Не торопясь они вошли в приемную Баландина, и Прокофий Петрович своим ключом открыл белую, с золотом дверь в кабинет. Галя Бочкова принесла на подносе два стакана чаю — начальнику и Ивану Михайловичу. Баландин расстегнул крючки кителя, спросил про визит Лапшина к редактору.
— Да, такое дело, — произнес он, выслушав рассказ Ивана Михайловича. — Ну, видать, ничего не поделаешь, но проводим мы его от себя честь по чести. Он часом не охотник, не знаешь?
Иван Михайлович не знал, охотник Демьянов или нет. Баландин на минуту призадумался — для премии у него было хорошее охотничье ружье. Вдвоем, попивая чай, они обмозговали вопрос замены ружья, в случае чего, часами для Демьянова. Потом опять вернулись к делу Коркина и всей его бражки.
— Богатое будет дело, — вылавливая ложечкой ломтик лимона из стакана, сказал Баландин. — Очень богатое. Сейчас, я предполагаю, ты, Иван Михайлович, только у истоков его находишься. И еще что тут интересно, — живо заговорил он, — я вот все об этом думаю, Жмакин твой много нам здесь помог…

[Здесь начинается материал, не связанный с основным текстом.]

(* Let $\Gamma$ be a finitely generated group acting by permutations on a countable set $X$, and $w:X\to(0,\infty)$ balanced. If there exists a $w$-compression system, then there is no $w$-invariant mean on $X$.
   Context: $w$ is balanced: for every $g\in\Gamma$, $x\mapsto w(gx)/w(x)$ is bounded on $X$. A $w$-compression system is a finite set $T\subset\Gamma$ together with bounded nonnegative functions $\Psi_g:X\to\mathbb{R}$ ($g\in T$) such that for every $x\in X$: $\sum_{g\in T}\Psi_g(x)=1$ and $\sum_{g\in T}\Psi_g(g^{-1}x)\frac{w(g^{-1}x)}{w(x)}<\frac12$. A mean on $X$ is a finitely additive probability measure on all subsets of $X$ (extended to $\ell^\infty(X)$); it is $w$-invariant if $\mu(gA)=\int_A\frac{w(gx)}{w(x)}\,d\mu(x)$ for all $g\in\Gamma$, $A\subseteq X$. *)

From Stdlib Require Import Reals List ClassicalEpsilon.
Open Scope R_scope.

Section Defs.
Context {G X : Type}.

Definition is_group (mul : G -> G -> G) (inv : G -> G) (e : G) : Prop :=
  (forall a b c, mul a (mul b c) = mul (mul a b) c) /\
  (forall a, mul e a = a) /\ (forall a, mul a e = a) /\
  (forall a, mul (inv a) a = e) /\ (forall a, mul a (inv a) = e).

Inductive generated (mul : G -> G -> G) (inv : G -> G) (e : G) (S : list G)
  : G -> Prop :=
| gen_e : generated mul inv e S e
| gen_s : forall s, In s S -> generated mul inv e S s
| gen_mul : forall a b, generated mul inv e S a -> generated mul inv e S b ->
    generated mul inv e S (mul a b)
| gen_inv : forall a, generated mul inv e S a -> generated mul inv e S (inv a).

Definition finitely_generated (mul : G -> G -> G) (inv : G -> G) (e : G) : Prop :=
  exists S : list G, forall g, generated mul inv e S g.

(* left action of G on X (each act g is then a permutation of X) *)
Definition is_action (mul : G -> G -> G) (e : G) (act : G -> X -> X) : Prop :=
  (forall x, act e x = x) /\
  (forall g h x, act (mul g h) x = act g (act h x)).

Definition countable_type (T : Type) : Prop :=
  exists f : T -> nat, forall a b, f a = f b -> a = b.

Definition bounded (f : X -> R) : Prop := exists M, forall x, Rabs (f x) <= M.

Definition balanced (act : G -> X -> X) (w : X -> R) : Prop :=
  forall g, bounded (fun x => w (act g x) / w x).

Definition sum_list (T : list G) (f : G -> R) : R :=
  fold_right (fun g acc => f g + acc) 0 T.

Definition compression_system (inv : G -> G) (act : G -> X -> X) (w : X -> R)
  (T : list G) (Psi : G -> X -> R) : Prop :=
  NoDup T /\
  (forall g, In g T -> bounded (Psi g) /\ (forall x, 0 <= Psi g x)) /\
  (forall x,
     sum_list T (fun g => Psi g x) = 1 /\
     sum_list T (fun g => Psi g (act (inv g) x) * (w (act (inv g) x) / w x)) < 1/2).

Definition has_compression_system (inv : G -> G) (act : G -> X -> X)
  (w : X -> R) : Prop :=
  exists (T : list G) (Psi : G -> X -> R), compression_system inv act w T Psi.

Definition indicator (A : X -> Prop) (x : X) : R :=
  if excluded_middle_informative (A x) then 1 else 0.

Definition image_set (act : G -> X -> X) (g : G) (A : X -> Prop) : X -> Prop :=
  fun y => exists x, A x /\ y = act g x.

(* A mean on X, presented as its (unique) extension to l^infty(X): a positive,
   normalized linear functional on bounded functions.  mu(A) = m (indicator A),
   int_A f dmu = m (indicator A * f). *)
Definition is_mean (m : (X -> R) -> R) : Prop :=
  (forall f g, bounded f -> bounded g -> m (fun x => f x + g x) = m f + m g) /\
  (forall c f, bounded f -> m (fun x => c * f x) = c * m f) /\
  (forall f, bounded f -> (forall x, 0 <= f x) -> 0 <= m f) /\
  m (fun _ => 1) = 1.

Definition w_invariant (act : G -> X -> X) (w : X -> R) (m : (X -> R) -> R) : Prop :=
  forall (g : G) (A : X -> Prop),
    m (indicator (image_set act g A)) =
    m (fun x => indicator A x * (w (act g x) / w x)).

End Defs.

From Pilot Require Import Defs.
From Stdlib Require Import Reals List ClassicalEpsilon Lra FunctionalExtensionality.
Open Scope R_scope.
(* Re-import Defs so that its [bounded] shadows the one from the Reals library. *)
Import Pilot.Defs.

(* Let m be a w-invariant mean and write rho_g(x) = w(g^-1 x)/w(x).
   Invariance says m(1_A o g) = m(1_A * rho_g) for every set A (apply it to g^-1
   and note 1_{g^-1 A} = 1_A o g).  We call this identity "f transfers along g"
   and extend it from indicators to every bounded f: transfer is preserved by
   linear combinations, hence holds for staircase functions, and it passes to
   uniform limits because m is a positive normalized functional and rho_g is
   bounded; every bounded function is a uniform limit of shifted staircases.
   Applied to f = Psi_g o g^-1 this gives m(Psi_g) = m(Psi_g(g^-1 .) rho_g), so
     1 = m(sum_g Psi_g) = m(sum_g Psi_g(g^-1 .) rho_g) <= 1/2,
   a contradiction. *)

Lemma Rabs_le_between (a b : R) : Rabs a <= b -> - b <= a <= b.
Proof. unfold Rabs; destruct Rcase_abs; lra. Qed.

Lemma Rabs_eq0_of_small (a c : R) :
  0 < c -> (forall d, 0 < d -> Rabs a <= d * c) -> a = 0.
Proof.
  intros Hc Hsmall.
  assert (Hle : Rabs a <= 0).
  { apply le_epsilon; intros eps Heps.
    specialize (Hsmall (eps / c) ltac:(apply Rdiv_lt_0_compat; lra)).
    replace (eps / c * c) with eps in Hsmall by (field; lra). lra. }
  pose proof (Rabs_pos a).
  destruct (Req_dec a 0) as [|Ha]; [assumption|].
  pose proof (Rabs_pos_lt a Ha); lra.
Qed.

Lemma sum_list_ext {I : Type} (T : list I) (a b : I -> R) :
  (forall i, In i T -> a i = b i) -> sum_list T a = sum_list T b.
Proof.
  induction T as [|i T IH]; intro Hab; simpl; [reflexivity |].
  rewrite Hab, IH; [reflexivity | | left; reflexivity].
  intros j Hj; apply Hab; right; exact Hj.
Qed.

Section Bounded.
Context {X : Type}.

Lemma bounded_const (c : R) : @bounded X (fun _ => c).
Proof. exists (Rabs c); intros; lra. Qed.

Lemma bounded_add (f h : X -> R) :
  bounded f -> bounded h -> bounded (fun x => f x + h x).
Proof.
  intros [M HM] [N HN]; exists (M + N); intro x.
  eapply Rle_trans; [apply Rabs_triang|]. specialize (HM x); specialize (HN x); lra.
Qed.

Lemma bounded_mul (f h : X -> R) :
  bounded f -> bounded h -> bounded (fun x => f x * h x).
Proof.
  intros [M HM] [N HN]; exists (M * N); intro x. rewrite Rabs_mult.
  apply Rmult_le_compat; try apply Rabs_pos; auto.
Qed.

Lemma bounded_scale (c : R) (f : X -> R) : bounded f -> bounded (fun x => c * f x).
Proof. intro Hf; apply bounded_mul; [apply bounded_const | exact Hf]. Qed.

Lemma bounded_indicator (A : X -> Prop) : bounded (indicator A).
Proof.
  exists 1; intro x; unfold indicator; destruct excluded_middle_informative;
  rewrite ?Rabs_R1, ?Rabs_R0; lra.
Qed.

— Это как же? — следя за ходом мыслей Баландина, не сразу понял Лапшин. — Почему именно Жмакин?
— Как же — почему? Корнюху он, рискуя жизнью, взял. А Корнюха, спасая свою шкуру, показал на Дроздова и, в связи с дроздовскими делами, — на Коркина. Тут и пошли большие тысячи. И трикотажные махинации, и скупка облигаций с выигрышами, и участие во всем этом уголовного отребья, и помесь с бандитизмом. По существу, все это одно, весьма даже характерное дело. Попытка возрождения капиталистического нарыва в нашем нынешнем обществе. Ну а мы этот нарыв вскрыли. Так? И вышли на всю эту пакость благодаря человеку, который длительное время заблуждался, но которому помогли подняться и встать на ноги. Как он, кстати, Жмакин твой?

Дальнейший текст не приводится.